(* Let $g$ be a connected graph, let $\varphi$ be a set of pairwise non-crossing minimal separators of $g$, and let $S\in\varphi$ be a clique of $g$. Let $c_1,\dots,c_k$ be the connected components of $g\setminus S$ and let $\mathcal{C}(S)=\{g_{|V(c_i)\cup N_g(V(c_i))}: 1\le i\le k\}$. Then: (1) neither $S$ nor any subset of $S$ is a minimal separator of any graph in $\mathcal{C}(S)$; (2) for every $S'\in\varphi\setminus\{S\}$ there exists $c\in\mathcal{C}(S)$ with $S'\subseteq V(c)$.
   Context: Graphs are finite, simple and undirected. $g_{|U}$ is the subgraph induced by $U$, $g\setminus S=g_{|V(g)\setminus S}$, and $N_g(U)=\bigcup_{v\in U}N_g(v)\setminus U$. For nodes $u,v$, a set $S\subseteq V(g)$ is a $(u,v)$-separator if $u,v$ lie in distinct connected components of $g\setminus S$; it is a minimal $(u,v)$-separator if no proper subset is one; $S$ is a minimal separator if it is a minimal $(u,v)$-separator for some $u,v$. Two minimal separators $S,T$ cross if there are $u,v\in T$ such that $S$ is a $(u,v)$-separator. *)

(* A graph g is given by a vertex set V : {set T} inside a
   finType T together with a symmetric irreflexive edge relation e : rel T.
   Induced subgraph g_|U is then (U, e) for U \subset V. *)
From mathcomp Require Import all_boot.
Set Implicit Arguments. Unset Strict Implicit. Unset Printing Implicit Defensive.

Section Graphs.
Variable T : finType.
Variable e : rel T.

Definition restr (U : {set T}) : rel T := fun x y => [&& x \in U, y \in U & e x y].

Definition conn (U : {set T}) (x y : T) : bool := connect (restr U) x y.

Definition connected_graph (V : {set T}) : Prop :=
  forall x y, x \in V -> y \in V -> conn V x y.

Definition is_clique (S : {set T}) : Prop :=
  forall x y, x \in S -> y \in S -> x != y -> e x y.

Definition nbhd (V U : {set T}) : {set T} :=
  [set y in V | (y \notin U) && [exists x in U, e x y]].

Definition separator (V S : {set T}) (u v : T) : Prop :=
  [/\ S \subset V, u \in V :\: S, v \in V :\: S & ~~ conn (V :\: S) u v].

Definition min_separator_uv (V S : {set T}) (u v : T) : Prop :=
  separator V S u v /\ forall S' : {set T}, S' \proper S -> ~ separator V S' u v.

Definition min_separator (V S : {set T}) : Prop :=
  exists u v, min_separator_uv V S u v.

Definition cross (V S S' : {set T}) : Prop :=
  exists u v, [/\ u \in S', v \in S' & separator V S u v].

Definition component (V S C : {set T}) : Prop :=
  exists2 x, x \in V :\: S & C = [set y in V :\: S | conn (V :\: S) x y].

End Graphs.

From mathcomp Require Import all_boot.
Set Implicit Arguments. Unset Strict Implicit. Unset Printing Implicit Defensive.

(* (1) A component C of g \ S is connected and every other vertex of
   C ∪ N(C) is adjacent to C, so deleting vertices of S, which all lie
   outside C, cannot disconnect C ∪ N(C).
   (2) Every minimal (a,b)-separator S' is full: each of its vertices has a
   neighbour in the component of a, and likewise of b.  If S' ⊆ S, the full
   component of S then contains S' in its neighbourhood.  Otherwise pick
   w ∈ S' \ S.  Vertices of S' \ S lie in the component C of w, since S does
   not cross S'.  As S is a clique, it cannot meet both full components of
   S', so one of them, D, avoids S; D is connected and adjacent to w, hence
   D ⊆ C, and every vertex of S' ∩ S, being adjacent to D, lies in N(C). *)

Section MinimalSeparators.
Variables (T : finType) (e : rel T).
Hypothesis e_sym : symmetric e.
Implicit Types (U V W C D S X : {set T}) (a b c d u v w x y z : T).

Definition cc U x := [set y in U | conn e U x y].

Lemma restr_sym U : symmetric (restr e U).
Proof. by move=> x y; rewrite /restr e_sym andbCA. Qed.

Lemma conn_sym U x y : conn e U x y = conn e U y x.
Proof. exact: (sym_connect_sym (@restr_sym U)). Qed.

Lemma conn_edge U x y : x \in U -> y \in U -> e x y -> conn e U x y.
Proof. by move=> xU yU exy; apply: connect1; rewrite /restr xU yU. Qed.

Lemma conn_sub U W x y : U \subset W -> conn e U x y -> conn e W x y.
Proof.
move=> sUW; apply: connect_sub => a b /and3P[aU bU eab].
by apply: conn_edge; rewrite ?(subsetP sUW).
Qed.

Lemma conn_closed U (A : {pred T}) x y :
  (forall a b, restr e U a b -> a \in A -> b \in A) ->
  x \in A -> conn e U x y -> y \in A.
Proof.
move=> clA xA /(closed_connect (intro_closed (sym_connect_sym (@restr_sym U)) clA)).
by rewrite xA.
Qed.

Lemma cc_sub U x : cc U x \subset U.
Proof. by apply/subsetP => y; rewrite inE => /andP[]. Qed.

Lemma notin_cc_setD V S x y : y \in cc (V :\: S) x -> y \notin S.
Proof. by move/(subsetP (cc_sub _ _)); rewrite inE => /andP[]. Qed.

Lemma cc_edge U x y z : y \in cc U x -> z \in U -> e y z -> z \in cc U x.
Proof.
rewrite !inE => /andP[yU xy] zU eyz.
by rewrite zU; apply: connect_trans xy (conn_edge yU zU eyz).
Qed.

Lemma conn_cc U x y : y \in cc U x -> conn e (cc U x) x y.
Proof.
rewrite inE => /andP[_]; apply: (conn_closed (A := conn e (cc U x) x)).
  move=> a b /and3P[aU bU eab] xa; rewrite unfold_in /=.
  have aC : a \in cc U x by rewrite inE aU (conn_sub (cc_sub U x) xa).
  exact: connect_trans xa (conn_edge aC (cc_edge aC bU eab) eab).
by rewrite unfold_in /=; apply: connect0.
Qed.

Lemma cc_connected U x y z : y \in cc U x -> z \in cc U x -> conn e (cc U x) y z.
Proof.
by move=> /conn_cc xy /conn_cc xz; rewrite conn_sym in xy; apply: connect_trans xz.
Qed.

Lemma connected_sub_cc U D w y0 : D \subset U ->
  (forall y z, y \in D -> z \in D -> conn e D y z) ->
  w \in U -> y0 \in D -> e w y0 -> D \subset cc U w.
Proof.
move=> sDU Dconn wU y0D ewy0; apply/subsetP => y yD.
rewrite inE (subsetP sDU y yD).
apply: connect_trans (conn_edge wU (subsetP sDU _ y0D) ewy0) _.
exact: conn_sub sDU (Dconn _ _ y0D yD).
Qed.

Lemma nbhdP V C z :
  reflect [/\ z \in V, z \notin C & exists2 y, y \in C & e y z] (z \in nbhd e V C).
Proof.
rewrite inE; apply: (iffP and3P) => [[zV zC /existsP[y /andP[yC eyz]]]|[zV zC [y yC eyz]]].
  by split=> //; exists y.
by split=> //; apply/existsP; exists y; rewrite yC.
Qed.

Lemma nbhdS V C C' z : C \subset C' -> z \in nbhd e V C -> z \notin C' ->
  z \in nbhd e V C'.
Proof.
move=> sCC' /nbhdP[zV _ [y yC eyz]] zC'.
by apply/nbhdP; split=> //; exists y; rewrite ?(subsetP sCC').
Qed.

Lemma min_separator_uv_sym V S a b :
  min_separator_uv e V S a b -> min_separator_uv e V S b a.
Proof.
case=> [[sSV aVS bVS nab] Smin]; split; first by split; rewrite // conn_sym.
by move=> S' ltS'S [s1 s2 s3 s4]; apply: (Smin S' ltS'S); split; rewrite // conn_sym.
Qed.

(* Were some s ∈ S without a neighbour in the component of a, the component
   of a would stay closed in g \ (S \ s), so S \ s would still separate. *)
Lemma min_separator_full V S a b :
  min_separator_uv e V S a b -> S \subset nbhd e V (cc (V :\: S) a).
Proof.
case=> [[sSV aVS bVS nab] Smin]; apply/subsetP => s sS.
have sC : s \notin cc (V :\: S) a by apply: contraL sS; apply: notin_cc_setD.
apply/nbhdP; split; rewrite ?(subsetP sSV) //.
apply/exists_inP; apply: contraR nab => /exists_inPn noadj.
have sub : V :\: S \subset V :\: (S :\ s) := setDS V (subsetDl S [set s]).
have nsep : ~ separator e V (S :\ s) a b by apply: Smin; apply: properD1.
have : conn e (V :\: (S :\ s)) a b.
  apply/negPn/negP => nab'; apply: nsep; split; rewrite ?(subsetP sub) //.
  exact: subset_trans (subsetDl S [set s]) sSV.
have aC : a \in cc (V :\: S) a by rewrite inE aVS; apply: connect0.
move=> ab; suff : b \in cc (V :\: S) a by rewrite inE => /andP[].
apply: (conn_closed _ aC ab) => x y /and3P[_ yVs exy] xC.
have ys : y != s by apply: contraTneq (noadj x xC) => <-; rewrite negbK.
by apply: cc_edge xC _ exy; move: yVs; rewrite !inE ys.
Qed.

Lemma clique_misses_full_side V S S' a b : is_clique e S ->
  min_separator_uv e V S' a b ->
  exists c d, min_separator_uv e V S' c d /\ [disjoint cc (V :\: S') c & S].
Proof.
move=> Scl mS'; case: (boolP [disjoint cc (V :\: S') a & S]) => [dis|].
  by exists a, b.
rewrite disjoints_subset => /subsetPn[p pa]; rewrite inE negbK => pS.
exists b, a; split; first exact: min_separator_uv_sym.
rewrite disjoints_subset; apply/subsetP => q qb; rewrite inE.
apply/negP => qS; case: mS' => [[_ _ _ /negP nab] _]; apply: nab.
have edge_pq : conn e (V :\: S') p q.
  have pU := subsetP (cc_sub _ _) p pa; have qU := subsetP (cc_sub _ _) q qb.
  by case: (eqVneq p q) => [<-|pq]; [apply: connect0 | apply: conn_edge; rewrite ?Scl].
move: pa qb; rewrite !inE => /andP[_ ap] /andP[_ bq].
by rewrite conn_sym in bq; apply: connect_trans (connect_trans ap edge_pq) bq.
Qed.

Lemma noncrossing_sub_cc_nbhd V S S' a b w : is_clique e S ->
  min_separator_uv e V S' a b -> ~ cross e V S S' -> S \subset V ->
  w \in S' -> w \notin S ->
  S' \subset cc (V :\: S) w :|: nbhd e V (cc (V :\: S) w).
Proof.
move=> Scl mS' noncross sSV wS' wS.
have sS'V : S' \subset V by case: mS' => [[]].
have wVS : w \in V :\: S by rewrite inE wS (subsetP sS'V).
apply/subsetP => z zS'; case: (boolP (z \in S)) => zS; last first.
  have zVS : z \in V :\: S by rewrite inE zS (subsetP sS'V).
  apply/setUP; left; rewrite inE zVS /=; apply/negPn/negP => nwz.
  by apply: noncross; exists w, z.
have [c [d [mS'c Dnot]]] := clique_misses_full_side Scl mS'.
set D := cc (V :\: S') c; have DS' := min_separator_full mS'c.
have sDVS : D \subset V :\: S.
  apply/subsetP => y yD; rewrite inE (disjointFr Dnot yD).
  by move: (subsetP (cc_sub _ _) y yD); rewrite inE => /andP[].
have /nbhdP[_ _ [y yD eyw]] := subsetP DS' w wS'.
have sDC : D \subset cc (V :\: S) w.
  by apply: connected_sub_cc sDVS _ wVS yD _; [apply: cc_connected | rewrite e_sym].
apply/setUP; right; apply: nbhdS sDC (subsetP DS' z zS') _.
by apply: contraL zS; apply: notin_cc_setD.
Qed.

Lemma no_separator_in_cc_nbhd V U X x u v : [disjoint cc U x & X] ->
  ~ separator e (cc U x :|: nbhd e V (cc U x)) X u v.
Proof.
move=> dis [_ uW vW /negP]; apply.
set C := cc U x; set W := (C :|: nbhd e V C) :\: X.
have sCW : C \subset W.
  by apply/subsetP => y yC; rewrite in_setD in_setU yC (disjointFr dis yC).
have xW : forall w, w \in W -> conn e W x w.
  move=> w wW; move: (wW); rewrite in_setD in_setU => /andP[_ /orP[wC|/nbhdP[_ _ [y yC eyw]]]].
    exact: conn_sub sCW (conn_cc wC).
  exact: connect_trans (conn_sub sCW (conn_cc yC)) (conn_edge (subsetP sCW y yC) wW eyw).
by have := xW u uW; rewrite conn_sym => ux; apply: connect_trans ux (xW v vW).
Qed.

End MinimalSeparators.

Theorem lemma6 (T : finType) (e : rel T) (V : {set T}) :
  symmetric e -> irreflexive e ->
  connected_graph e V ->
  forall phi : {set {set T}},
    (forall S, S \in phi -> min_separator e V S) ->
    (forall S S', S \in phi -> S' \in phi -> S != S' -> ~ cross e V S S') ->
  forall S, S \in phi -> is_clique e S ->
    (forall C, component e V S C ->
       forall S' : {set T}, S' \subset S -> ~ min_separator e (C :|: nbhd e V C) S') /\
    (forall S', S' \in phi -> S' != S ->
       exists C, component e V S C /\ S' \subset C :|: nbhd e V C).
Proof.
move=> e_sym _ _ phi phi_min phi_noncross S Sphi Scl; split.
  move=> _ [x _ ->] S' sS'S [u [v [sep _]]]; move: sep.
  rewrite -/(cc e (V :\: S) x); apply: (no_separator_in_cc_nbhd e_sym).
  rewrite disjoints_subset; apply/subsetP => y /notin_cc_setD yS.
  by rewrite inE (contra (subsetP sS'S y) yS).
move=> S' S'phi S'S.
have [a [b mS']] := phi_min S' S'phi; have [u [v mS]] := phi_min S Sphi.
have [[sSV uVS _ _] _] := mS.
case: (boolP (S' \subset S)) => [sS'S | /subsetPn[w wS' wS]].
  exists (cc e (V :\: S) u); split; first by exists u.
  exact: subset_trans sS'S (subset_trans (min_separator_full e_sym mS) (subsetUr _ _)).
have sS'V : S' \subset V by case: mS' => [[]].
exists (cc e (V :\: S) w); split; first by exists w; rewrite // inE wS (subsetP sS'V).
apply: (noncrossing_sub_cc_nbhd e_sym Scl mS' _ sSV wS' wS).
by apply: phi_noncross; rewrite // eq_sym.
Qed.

^^^^^^^^

• Your objective:
Which lines of the data include "vertex"? Copy each of them.

• Output:
(* A graph g is given by a vertex set V : {set T} inside a
(* (1) A component C of g \ S is connected and every other vertex of
   D ⊆ C, and every vertex of S' ∩ S, being adjacent to D, lies in N(C). *)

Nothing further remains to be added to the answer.